Sabah kente girdiğimizde göremediğimiz deprem etkisinin başka boyutu ile karşılaşıyoruz. Gündüz çiğ köfteciden konaklama ile ilgili bir öneri almıştık. Taksici de aynı yeri uygun görüyor. Hemen oracıkta bir çorbacıya giriyoruz. Evet 3 gündür yegane yemeğimiz çorba. Buralara özgü paçaçorbasının tadına bakıyoruz. “Eh işte” durumu. Buraya adını da yazalım ki, işini iyi yapmayanı, deprem felaketini fırsata çevirenleri herkes bilsin. İşletmenin adı Medya Rezidans. Gecelik fiyatı 120 TL imiş ama “bana” 100 TL olmuş. Tek isteğimin rahat bir yatak sıcak bir duş olduğunu söylüyorum. Bana 1 numaralı odayı layık görüyor işletmeci. Kardeşi de bir sürü ulusal gezetenin Elazığ temsilcisiymiş “Medya” adı burdan zahir de “Rezidans” olayı muallak.

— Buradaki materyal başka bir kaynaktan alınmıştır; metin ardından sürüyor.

Theorem proposition1 (R : realType) (a b : R) (ha : 0 < a) (hab : a < b)
  (D : set (set (Theta (ltW hab))) -> (set (Theta (ltW hab)) -> \bar R) ->
       (set (Theta (ltW hab)) -> \bar R) -> \bar R)
  (P : set (Theta (ltW hab)) -> \bar R) (eta : R)
  (x t : 'I_2 -> Theta (ltW hab) -> Theta (ltW hab) -> R) :
  divergence_wd D -> assumptionD D ->
  isProbOn (@BorelT R a b (ltW hab)) P -> atomless P -> 0 < eta ->
  allocation_rule x -> assumptionX D P eta x ->
  transfer_rule t -> win_lose_dependent x t ->
  (forall i th, Umin D P eta x t i th =
     (\int[lebesgue_measure]_(z in `[a, sval th])
        Xmin D P eta x i (insubd (theta_lo (ltW hab)) z))%E) ->
  feasible D P eta x t.
Proof.
move=> _ _ _ _ _ x_alloc [_ _ Xmin_nd] _ [tw [tl [tE tw_tl]]] Umin_int.
have x_ge0 := allocation_ge0 x_alloc.
have [[M x_bounded] _] := x_alloc.1; have mx := measurable_fun_section x_alloc.1.
split=> [i th thh|i th]; last first.
  by rewrite Umin_int; apply: integral_ge0 => z _; exact: worst_ge0 (x_ge0 i _).
have [amb0|/set0P amb_n0] := eqVneq (ambiguity D P eta) set0.
  by rewrite /Uhat /worst amb0 !image_set0 ereal_inf0.
pose H y := fine (Xmin D P eta x i y).
have XminE y : Xmin D P eta x i y = (H y)%:E.
  by rewrite fineK // (worst_fin_num (mx i y) (x_bounded i y) amb_n0 (x_ge0 i y)).
have UminE y : Umin D P eta x t i y =
    (\int[lebesgue_measure]_(z in `[a, sval y])
       (H (insubd (theta_lo (ltW hab)) z))%:E)%E.
  by rewrite Umin_int; apply: eq_integral => z _; exact: XminE.
apply: le_trans
  (Uhat_le_Umin_tangent tE tw_tl th (mx i thh) (x_bounded i thh) (XminE thh)) _.
rewrite -/(Umin D P eta x t i th) !UminE.
apply: integral_Theta_nondecreasing_tangent => [y z yz|y].
  by rewrite -lee_fin -!XminE; exact: Xmin_nd.
by rewrite -lee_fin -XminE; exact: worst_ge0 (x_ge0 i y).
Qed.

Odaya giriyoruz. Küf içinde bir mutfak. Bir tek kişilik amele yatağı, bir kanepe, bir masa ve duvarda tv olan bir oda. Ama soğuk, ama havlu yok, ama sıcak su yok, ama yatak resmen tütün balyası gibi kokuyor. Tüm iyimserliğimle uyumaya çalışıyorum. Ama gece saat 01. 30 suları bir kadın sesi binayı 3.5 şiddetinde sallıyor. Karşısında nasıl bir erkek varsa ağzına geliyorsa saydırıyor. Bi ara kapı çarpılıyor ki şiddeti 4.8 filan. Gel de uyu. Bu arada memleket yeniden sallanmış. Ben sabah haberlerinde duydum valla. Ölçeği 4.8 di sanırım.

VATANDAŞIN İNANCI ZAYIFLAMIŞ

Sabah erkenden sokaktayız. Isı -3 derece. O saatte bile ev taşıyanlar var. Caddeler sokaklar yine nakliye araçlarıyla dolu. Türkiye değilse bile çevre illerin nakliyecileri buraya akmış durumda. Ara sokakta bir börekçi görüyorum. O da ne? Kürt Böreği. Miss gibi görünüyor. Sabaha kadar üşümüş bedenim ısınırken hem kahvaltı yapıyorum, hem fotoğrafları düzenliyorum.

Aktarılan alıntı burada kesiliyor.